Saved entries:
───
Lemma runs_exec o P t G Q :
  runs o P t G Q -> exists fuel r t', exec o fuel P t G = Some (r, t') /\ Q r t'.
Proof.
  intros [r [t' [E HQ]]]. destruct (eval_exec _ _ _ _ _ _ E) as [fuel Ef]. eauto.
Qed.

Lemma runs_weaken o P t G (Q Q' : option graph -> nat -> Prop) :
  runs o P t G Q -> (forall r t', Q r t' -> Q' r t') -> runs o P t G Q'.
Proof. intros [r [t' [E HQ]]] H. exists r, t'. auto. Qed.

Lemma runs_skip o t G (Q : option graph -> nat -> Prop) : Q (Some G) t -> runs o Skip t G Q.
Proof. exists (Some G), t. split; [constructor|assumption]. Qed.

Lemma runs_fail o t G (Q : option graph -> nat -> Prop) : Q None (S t) -> runs o FailC t G Q.
Proof. exists None, (S t). split; [constructor|assumption]. Qed.

Lemma runs_call o rs t G (Q : option graph -> nat -> Prop) :
  Q (fst (apply_rules o t rs G)) (snd (apply_rules o t rs G)) -> runs o (Call rs) t G Q.
Proof. eexists _, _. split; [constructor|eassumption]. Qed.

Lemma runs_rule o r t G (Q : option graph -> nat -> Prop) :
  Q (snd (r o t G)) (t + fst (r o t G)) -> runs o (R r) t G Q.
Proof.
  intros H. apply runs_call. simpl. destruct (r o t G) as [c [G'|]]; exact H.
Qed.

Lemma runs_seq o p q t G (Q1 Q : option graph -> nat -> Prop) :
  runs o p t G Q1 ->
  (forall G1 t1, Q1 (Some G1) t1 -> runs o q t1 G1 Q) ->
  (forall t1, Q1 None t1 -> Q None t1) ->
  runs o (Seq p q) t G Q.
Proof.
  intros [[G1|] [t1 [E1 H1]]] Hs Hn.
  - destruct (Hs _ _ H1) as [r [t2 [E2 H2]]]. exists r, t2. split; [eapply eval_seq; eauto|auto].
  - exists None, t1. split; [constructor|]; auto.
Qed.

Lemma runs_try o c p q t G (Q1 Q : option graph -> nat -> Prop) :
  runs o c t G Q1 ->
  (forall G1 t1, Q1 (Some G1) t1 -> runs o p t1 G1 Q) ->
  (forall t1, Q1 None t1 -> runs o q (t1 + (t1 - t)) G Q) ->
  runs o (TryTE c p q) t G Q.
Proof.
  intros [[G1|] [t1 [E1 H1]]] Hs Hn.
  - destruct (Hs _ _ H1) as [r [t2 [E2 H2]]]. exists r, t2. split; [eapply eval_try; eauto|auto].
  - destruct (Hn _ H1) as [r [t2 [E2 H2]]]. exists r, t2. split; [eapply eval_try_else; eauto|auto].
Qed.

Lemma runs_if o c p q t G (Q1 Q : option graph -> nat -> Prop) :
  runs o c t G Q1 ->
  (forall G1 t1, Q1 (Some G1) t1 -> runs o p (t1 + (t1 - t)) G Q) ->
  (forall t1, Q1 None t1 -> runs o q (t1 + (t1 - t)) G Q) ->
  runs o (IfTE c p q) t G Q.
Proof.
  intros [[G1|] [t1 [E1 H1]]] Hs Hn.
  - destruct (Hs _ _ H1) as [r [t2 [E2 H2]]]. exists r, t2. split; [eapply eval_if; eauto|auto].
  - destruct (Hn _ H1) as [r [t2 [E2 H2]]]. exists r, t2. split; [eapply eval_if_else; eauto|auto].
Qed.

Lemma runs_loop_unfold o p t G (Q1 Q : option graph -> nat -> Prop) :
  runs o p t G Q1 ->
  (forall G1 t1, Q1 (Some G1) t1 -> runs o (Loop p) t1 G1 Q) ->
  (forall t1, Q1 None t1 -> Q (Some G) (t1 + (t1 - t))) ->
  runs o (Loop p) t G Q.
Proof.
  intros [[G1|] [t1 [E1 H1]]] Hs Hn.
  - destruct (Hs _ _ H1) as [r [t2 [E2 H2]]]. exists r, t2. split; [eapply eval_loop; eauto|auto].
  - exists (Some G), (t1 + (t1 - t)). split; [constructor|]; auto.
Qed.

(* The failing last iteration is charged twice, as the graph is restored after it. *)
Lemma runs_loop o p (Inv Post : graph -> Prop) (Phi : graph -> nat) K :
  (forall G t, Inv G -> runs o p t G (fun r t1 => match r with
      | Some G1 => Inv G1 /\ t1 + Phi G1 + 1 <= t + Phi G
      | None => t1 <= t + K /\ Post G end)) ->
  forall G t, Inv G -> runs o (Loop p) t G (fun r t' => exists G', r = Some G' /\
      Inv G' /\ Post G' /\ t' + Phi G' <= t + Phi G + 2 * K).
Proof.
  intros Hbody G. remember (Phi G) as n eqn:En. revert G En.
  induction n as [n IH] using lt_wf_ind; intros G En t HI.
  destruct (Hbody G t HI) as [[G1|] [t1 [E1 H1]]].
  - destruct H1 as [HI1 Hcost]. pose proof (eval_time _ _ _ _ _ _ E1).
    destruct (IH (Phi G1) ltac:(lia) G1 eq_refl t1 HI1) as [r [t2 [E2 [G' [-> H2]]]]].
    exists (Some G'), t2. split; [eapply eval_loop; eauto|]. exists G'. intuition lia.
  - destruct H1 as [Hcost HP]. exists (Some G), (t1 + (t1 - t)).
    split; [constructor; exact E1|]. exists G. intuition lia.
Qed.

(** * Runtime lists and host graphs *)

Lemma first_match_cost f l K : (forall x, In x l -> fst (f x) <= K) ->
  fst (first_match f l) <= 1 + length l * S K.
Proof.
  induction l as [|x l IH]; intros H; simpl; [lia|].
  pose proof (H x (or_introl eq_refl)) as Hx.
  destruct (f x) as [c [G|]]; simpl in *; [lia|].
  assert (IHl : fst (first_match f l) <= 1 + length l * S K).
  { apply IH. intros y Hy. apply H. now right. }
  destruct (first_match f l) as [c' r']. simpl in *. lia.
Qed.

Lemma first_match_found f l H :
  snd (first_match f l) = Some H -> exists x, In x l /\ snd (f x) = Some H.
Proof.
  induction l as [|x l IH]; simpl; intros E; [discriminate|].
  destruct (f x) as [c [G|]] eqn:Ef.
  - exists x. rewrite Ef. auto.
  - destruct (first_match f l) as [c' r'] eqn:E'. simpl in E.
    destruct (IH E) as [y [Hy Hy']]. eauto.
Qed.

Section Search.
Variables (o : oracle) (t : nat) (G : graph) (k : lkey) (f : nat -> res).
Hypothesis Ho : valid_oracle o.

Lemma iter_cost K : (forall x, In x (canon G k) -> fst (f x) <= K) ->
  fst (iter o t G k f) <= 1 + length (canon G k) * S K.
Proof.
  intros H. unfold iter. pose proof (Ho t G k (canon G k)) as P.
  rewrite <- (Permutation_length P). apply first_match_cost.
  intros x Hx. apply H. eapply Permutation_in; eauto.
Qed.

Lemma iter_found H :
  snd (iter o t G k f) = Some H -> exists x, In x (canon G k) /\ snd (f x) = Some H.
Proof.
  intros E. apply first_match_found in E. destruct E as [x [Hx E]].
  exists x. split; auto. eapply Permutation_in; eauto.
Qed.

Lemma iter_empty : canon G k = [] -> iter o t G k f = (1, None).
Proof.
  intros E. unfold iter. pose proof (Ho t G k (canon G k)) as P. rewrite E in *.
  apply Permutation_sym, Permutation_nil in P. rewrite P. reflexivity.
Qed.

Lemma iter_singleton x : canon G k = [x] ->
  fst (iter o t G k f) <= S (S (fst (f x))) /\ snd (iter o t G k f) = snd (f x).
Proof.
  intros E. unfold iter. pose proof (Ho t G k (canon G k)) as P. rewrite E in *.
  apply Permutation_sym, Permutation_length_1_inv in P. rewrite P. simpl.
  destruct (f x) as [c [G'|]]; simpl; split; auto; lia.
Qed.

(* With every candidate matching, the search stops at the first one. *)
Lemma iter_all_match K : canon G k <> [] ->
  (forall x, In x (canon G k) -> fst (f x) <= K /\ snd (f x) <> None) ->
  fst (iter o t G k f) <= S K /\ snd (iter o t G k f) <> None.
Proof.
  intros Hne H. unfold iter. pose proof (Ho t G k (canon G k)) as P.
  destruct (o t G k (canon G k)) as [|x l].
  - apply Permutation_nil in P. congruence.
  - assert (Hx : In x (canon G k)) by (eapply Permutation_in; eauto; left; auto).
    destruct (H x Hx) as [H1 H2]. simpl.
    destruct (f x) as [c [G'|]]; simpl in *; [split; [lia|discriminate]|congruence].
Qed.

End Search.

Lemma iter_pick o t G k (h : nat -> graph) : valid_oracle o ->
  (canon G k = [] /\ iter o t G k (fun v => done (h v)) = (1, None)) \/
  (exists v, In v (canon G k) /\ iter o t G k (fun v => done (h v)) = (2, Some (h v))).
Proof.
  intros Ho. destruct (canon G k) eqn:E; [left; split; auto; apply iter_empty; auto|right].
  unfold iter. pose proof (Ho t G k (canon G k)) as P.
  destruct (o t G k (canon G k)) as [|x l'].
  - apply Permutation_nil in P. congruence.
  - exists x. split; [|reflexivity]. rewrite <- E. eapply Permutation_in; [exact P|left; auto].
Qed.

Definition updl {A} (id : A -> nat) (v : nat) (f : A -> A) (l : list A) : list A :=
  map (fun y => if Nat.eqb (id y) v then f y else y) l.

Section ListUpdate.
Context {A : Type} (id : A -> nat) (v : nat) (f : A -> A).
Hypothesis f_id : forall y, id (f y) = id y.

Lemma map_updl {B} (p : A -> B) l : (forall y, p (f y) = p y) -> map p (updl id v f l) = map p l.
Proof.
  intros H. unfold updl. rewrite map_map. apply map_ext. intros y. destruct (Nat.eqb (id y) v); auto.
Qed.

Lemma in_updl l z : In z (updl id v f l) <-> exists y, In y l /\ z = if Nat.eqb (id y) v then f y else y.
Proof. unfold updl. rewrite in_map_iff. split; intros [y [H1 H2]]; eauto. Qed.

Lemma updl_notin l : ~ In v (map id l) -> updl id v f l = l.
Proof.
  induction l as [|y l IH]; simpl; intros H; auto.
  destruct (Nat.eqb_spec (id y) v); [tauto|]. f_equal. auto.
Qed.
───
■ TASK GOAL: A complete answer lists each line of the data that holds the word "reflexivity".

■ EXERCISE RESPONSE:
  apply Permutation_sym, Permutation_nil in P. rewrite P. reflexivity.
  - exists x. split; [|reflexivity]. rewrite <- E. eapply Permutation_in; [exact P|left; auto].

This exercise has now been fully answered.